Both of our bachelor programs prepare students to enter the field or pursue a master’s degree, putting them on track for leadership positions in architecture and related fields. In addition to being well-prepared for graduate programs across the country, our undergraduates can continue their studies at Washington University in St. Louis in an accelerated, two-year Master of Architecture program. Additional graduate programs for future study available at WashU include the Master of Landscape Architecture, Master of Urban Design, Master of Science in Advanced Architectural Design, Master of Science in Architectural Studies, and our dual and joint degree programs.
About the Sam Fox School
The Sam Fox School of Design & Visual Arts at Washington University in St. Louis is a leader in architecture, art, and design education. The school is a vibrant community of makers and scholars committed to addressing social and environmental challenges through innovative practice and research. Through the work of our students, faculty, and alumni, we strive to create a more just, sustainable, humane, and beautiful world.

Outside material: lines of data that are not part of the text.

(* Let $I=[a,b]$ be a compact interval, $r\ge 1$ an integer, $\varphi\in C^r(I,\mathbb{R})$, and put $C_r:=\|\varphi^{(r)}\|_{L^\infty(I)}$. Then there exists a decomposition of the set $\{x\in I:\varphi(x)\neq 0\}$ into pairwise disjoint intervals $I_{\lambda,\iota}$, where $\lambda$ ranges over the set of all positive dyadic numbers $\lambda\le\|\varphi\|_\infty$ and, for each such $\lambda$, $\iota$ ranges over an index set $\mathcal{I}_\lambda$, such that: (i) $|\mathcal{I}_\lambda|\le 10r\big(1+|I|\,C_r^{1/r}\lambda^{-1/r}\big)$ for every such $\lambda$; (ii) for every such $\lambda$, every $\iota\in\mathcal{I}_\lambda$ and every $x\in I_{\lambda,\iota}$ one has $\tfrac12\lambda<|\varphi(x)|<4\lambda$.
   Context: A dyadic number is a number of the form $2^j$, $j\in\mathbb{Z}$. $|I|$ denotes the length of $I$ and $|\mathcal{I}_\lambda|$ the cardinality of the index set. *)

From Stdlib Require Import Reals ZArith.
From Coquelicot Require Import Coquelicot.
Open Scope R_scope.

Definition inI (a b x : R) : Prop := a <= x <= b.

Definition has_derive_on (a b : R) (f f' : R -> R) : Prop :=
  forall x, inI a b x ->
    filterlim (fun y => (f y - f x) / (y - x))
      (within (fun y => inI a b y /\ y <> x) (locally x)) (locally (f' x)).

Definition continuous_on_I (a b : R) (f : R -> R) : Prop :=
  forall x, inI a b x ->
    filterlim f (within (inI a b) (locally x)) (locally (f x)).

Definition is_Cr (a b : R) (r : nat) (phi : R -> R) (D : nat -> R -> R) : Prop :=
  (forall x, inI a b x -> D 0%nat x = phi x) /\
  (forall k, (k < r)%nat -> has_derive_on a b (D k) (D (S k))) /\
  continuous_on_I a b (D r).

(* sup_{x in [a,b]} |f x|  (= L^oo norm on [a,b] for continuous f, a < b). *)
Definition sup_norm (a b : R) (f : R -> R) : R :=
  real (Lub_Rbar (fun y => exists x, inI a b x /\ y = Rabs (f x))).

(* x^(1/r) for x >= 0, with the convention 0^(1/r) = 0. *)
Definition rroot (r : nat) (x : R) : R :=
  if Rlt_dec 0 x then Rpower x (/ INR r) else 0.

Definition is_interval (J : R -> Prop) : Prop :=
  forall x y z, J x -> J y -> x <= z <= y -> J z.

(* Label every point [x] with [phi x <> 0] by a dyadic level [lambda] with
   hysteresis: [x] has level [lambda] if [|phi|] has stayed in [(lambda/2, 2 lambda)]
   since it last equalled [lambda].  Levels are unique, and the intervals
   [I_{lambda,i}] are the connected components of the set of points of level
   [lambda], which gives (ii).  Between two consecutive components of level [lambda],
   [|phi|] passes from outside [(lambda/2, 2 lambda)] to exactly [lambda], so [phi]
   crosses one of the four values [±3 lambda/4], [±3 lambda/2] after being at
   distance [>= lambda/4] from it.  Cut [I] into cells of length [h] with
   [C_r h^r < lambda/4].  If a cell held [4 (r - 1) + 1] consecutive crossings, [r]
   of them would cross the same value [L], so [phi - L] would have [r] zeros in the
   cell and Rolle's theorem would give [|phi - L| <= C_r h^r < lambda/4] on the whole
   cell, a contradiction.  Counting crossings cell by cell gives (i). *)

From Stdlib Require Import Reals ZArith Lra Lia List Sorted Classical ClassicalEpsilon.
From Coquelicot Require Import Coquelicot.
Open Scope R_scope.

(** * Zeros of derivatives *)

Lemma rolle_lim (f f' : R -> R) u v : u < v -> f u = f v ->
  (forall x, u <= x <= v -> continuity_pt f x) ->
  (forall x, u < x < v -> derivable_pt_lim f x (f' x)) ->
  exists c, u < c < v /\ f' c = 0.
Proof.
  intros Huv Hf Hc Hd.
  destruct (Rolle f u v (fun x Hx => exist _ (f' x) (Hd x Hx)) Hc Huv Hf) as [c [Hcuv Hc0]].
  now exists c.
Qed.

Lemma lipschitz_of_derive_bound (f f' : R -> R) u v B x y :
  (forall t, u <= t <= v -> continuity_pt f t) ->
  (forall t, u < t < v -> derivable_pt_lim f t (f' t)) ->
  (forall t, u <= t <= v -> Rabs (f' t) <= B) ->
  u <= x <= v -> u <= y <= v -> Rabs (f x - f y) <= B * Rabs (x - y).
Proof.
  intros Hc Hd HB Hx Hy.
  assert (Hmin : u <= Rmin y x) by (apply Rmin_glb; lra).
  assert (Hmax : Rmax y x <= v) by (apply Rmax_lub; lra).
  destruct (MVT_gen f y x f') as [c [Hc' ->]].
  - intros t Ht. apply is_derive_Reals, Hd. simpl in Ht. lra.
  - intros t Ht. apply Hc. simpl in Ht. lra.
  - rewrite Rabs_mult. apply Rmult_le_compat_r; [apply Rabs_pos|]. apply HB. lra.
Qed.

Lemma rolle_zeros (f f' : R -> R) (u v : R) (z : nat -> R) (k : nat) :
  (forall x, u <= x <= v -> continuity_pt f x) ->
  (forall x, u < x < v -> derivable_pt_lim f x (f' x)) ->
  (forall i, (i <= k)%nat -> u <= z i <= v /\ f (z i) = 0) ->
  (forall i, (i < k)%nat -> z i < z (S i)) ->
  exists w : nat -> R, forall i, (i < k)%nat -> z i < w i < z (S i) /\ f' (w i) = 0.
Proof.
  intros Hc Hd Hz Hzs.
  assert (Hw : forall i, exists w, (i < k)%nat -> z i < w < z (S i) /\ f' w = 0).
  { intros i. destruct (Nat.lt_ge_cases i k) as [Hi|Hi]; [|exists 0; intros; lia].
    destruct (Hz i ltac:(lia)) as [Hzi Hfi], (Hz (S i) Hi) as [HzSi HfSi].
    destruct (rolle_lim f f' (z i) (z (S i))) as [c Hc'].
    - now apply Hzs.
    - congruence.
    - intros x Hx. apply Hc. lra.
    - intros x Hx. apply Hd. lra.
    - now exists c. }
  destruct (choice _ Hw) as [w Hw']. now exists w.
Qed.

(* Rolle passes [k - 1] ordered zeros on to [f 1]; the mean value theorem from a
   zero of [f 0] then gains one factor [v - u]. *)
Lemma bound_from_zeros (k : nat) : forall (f : nat -> R -> R) (u v M : R) (z : nat -> R),
  (forall i x, (i < k)%nat -> continuity_pt (f i) x) ->
  (forall i x, (i < k)%nat -> u < x < v -> derivable_pt_lim (f i) x (f (S i) x)) ->
  (forall x, u <= x <= v -> Rabs (f k x) <= M) ->
  (forall i, (i < k)%nat -> u <= z i <= v /\ f 0%nat (z i) = 0) ->
  (forall i, (S i < k)%nat -> z i < z (S i)) ->
  forall x, u <= x <= v -> Rabs (f 0%nat x) <= M * (v - u) ^ k.
Proof.
  induction k as [|k IH]; intros f u v M z Hc Hd HM Hz Hzs x Hx.
  { rewrite pow_O, Rmult_1_r. now apply HM. }
  destruct (rolle_zeros (f 0%nat) (f 1%nat) u v z k) as [w Hw].
  - intros t _. apply Hc. lia.
  - intros t Ht. apply Hd; [lia|exact Ht].
  - intros i Hi. apply Hz. lia.
  - intros i Hi. apply Hzs. lia.
  - assert (Hf1 : forall t, u <= t <= v -> Rabs (f 1%nat t) <= M * (v - u) ^ k).
    { apply (IH (fun i => f (S i)) u v M w).
      - intros i t Hi. apply Hc. lia.
      - intros i t Hi. apply Hd. lia.
      - exact HM.
      - intros i Hi. destruct (Hw i Hi) as [Hwi Hf].
        destruct (Hz i ltac:(lia)), (Hz (S i) ltac:(lia)). split; [lra|exact Hf].
      - intros i Hi. destruct (Hw i ltac:(lia)), (Hw (S i) Hi). lra. }
    destruct (Hz 0%nat ltac:(lia)) as [Hz0 Hfz0].
    pose proof (lipschitz_of_derive_bound (f 0%nat) (f 1%nat) u v _ x (z 0%nat)
      (fun t _ => Hc 0%nat t ltac:(lia)) (fun t Ht => Hd 0%nat t ltac:(lia) Ht) Hf1 Hx Hz0)
      as Hlip.
    rewrite Hfz0, Rminus_0_r in Hlip.
    assert (HMk : 0 <= M * (v - u) ^ k) by (eapply Rle_trans; [apply Rabs_pos|apply Hf1, Hx]).
    assert (Hxz : Rabs (x - z 0%nat) <= v - u) by (apply Rabs_le; lra).
    simpl. rewrite (Rmult_comm (v - u)), <- Rmult_assoc.
    eapply Rle_trans; [exact Hlip|]. now apply Rmult_le_compat_l.
Qed.

(** * Pigeonhole and chains *)

Section Pigeonhole.

Local Open Scope nat_scope.

Fixpoint count_idx (P : nat -> bool) (s n : nat) : nat :=
  match n with
  | O => O
  | S n' => count_idx P s n' + if P (s + n') then 1 else 0
  end.

Lemma count_idx_extract (P : nat -> bool) s n t : t <= count_idx P s n ->
  exists g : nat -> nat,
    (forall k, k < t -> s <= g k < s + n /\ P (g k) = true) /\
    (forall k, S k < t -> g k < g (S k)).
Proof.
  revert t. induction n as [|n IH]; intros t Ht; simpl in Ht.
  { exists (fun _ => O). split; intros; lia. }
  destruct (P (s + n)) eqn:HP.
  - destruct t as [|t]; [exists (fun _ => O); split; intros; lia|].
    destruct (IH t ltac:(lia)) as [g [Hg Hgs]].
    exists (fun k => if k <? t then g k else s + n). split.
    + intros k Hk. destruct (Nat.ltb_spec k t) as [Hkt|Hkt].
      * destruct (Hg k Hkt). split; [lia|assumption].
      * split; [lia|exact HP].
    + intros k Hk. destruct (Nat.ltb_spec k t), (Nat.ltb_spec (S k) t); try lia.
      * now apply Hgs.
      * destruct (Hg k ltac:(lia)). lia.
  - rewrite Nat.add_0_r in Ht. destruct (IH t Ht) as [g [Hg Hgs]].
    exists g. split; [|exact Hgs].
    intros k Hk. destruct (Hg k Hk). split; [lia|assumption].
Qed.

Lemma count_idx_colors_le (col : nat -> nat) (C m s n : nat) :
  (forall c, c < C -> count_idx (fun i => col i =? c) s n <= m) ->
  count_idx (fun i => col i <? C) s n <= C * m.
Proof.
  revert n. induction C as [|C IH]; intros n Hc.
  - clear Hc. induction n as [|n IHn]; simpl; [lia|].
    destruct (Nat.ltb_spec (col (s + n)) 0); lia.
  - assert (Hsplit : count_idx (fun i => col i <? S C) s n =
      count_idx (fun i => col i <? C) s n + count_idx (fun i => col i =? C) s n).
    { clear IH Hc. induction n as [|n IHn]; simpl; [reflexivity|]. rewrite IHn.
      destruct (Nat.ltb_spec (col (s + n)) (S C)), (Nat.ltb_spec (col (s + n)) C),
        (Nat.eqb_spec (col (s + n)) C); lia. }
    rewrite Hsplit. specialize (IH n (fun c Hc' => Hc c ltac:(lia))).
    specialize (Hc C ltac:(lia)). lia.
Qed.

Lemma pigeonhole_increasing (col : nat -> nat) (C m s : nat) :
  (forall i, col i < C) ->
  exists c (g : nat -> nat),
    (forall k, k < S m -> s <= g k <= s + C * m /\ col (g k) = c) /\
    (forall k, S k < S m -> g k < g (S k)).
Proof.
  intros Hcol.
  assert (Hc : exists c, c < C /\ S m <= count_idx (fun i => col i =? c) s (S (C * m))).
  { apply NNPP. intros Hno.
    assert (Hall : count_idx (fun i => col i <? C) s (S (C * m)) = S (C * m)).
    { generalize (S (C * m)). induction n as [|n IHn]; simpl; [reflexivity|].
      rewrite IHn. specialize (Hcol (s + n)). destruct (Nat.ltb_spec (col (s + n)) C); lia. }
    enough (count_idx (fun i => col i <? C) s (S (C * m)) <= C * m) by lia.
    apply count_idx_colors_le. intros c Hc.
    apply Nat.nlt_ge. intros Hlt. apply Hno. now exists c. }
  destruct Hc as [c [_ Hc]].
  destruct (count_idx_extract _ _ _ _ Hc) as [g [Hg Hgs]].
  exists c, g. split; [|exact Hgs].
  intros k Hk. destruct (Hg k Hk) as [Hgk Hcol']. apply Nat.eqb_eq in Hcol'.
  split; [lia|exact Hcol'].
Qed.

The Sam Fox School was founded in 2006, uniting the academic units of architecture and art with the university’s museum to create a unique new paradigm for design education. Each of these units boasts a rich history:
The College of Architecture (formerly the School of Architecture) was established in 1910 and has the distinction of being one of the 10 founding members of the Association of Collegiate Schools of Architecture.
The College of Art (formerly the School of Art) was founded in 1879 as the first professional, universityaffiliated art school in the United States. It is the only art school to have borne a major metropolitan art museum-the Saint Louis Art Museum.
The Mildred Lane Kemper Art Museum (formerly the Washington University Gallery of Art) was founded in 1881 as the first art museum west of the Mississippi River.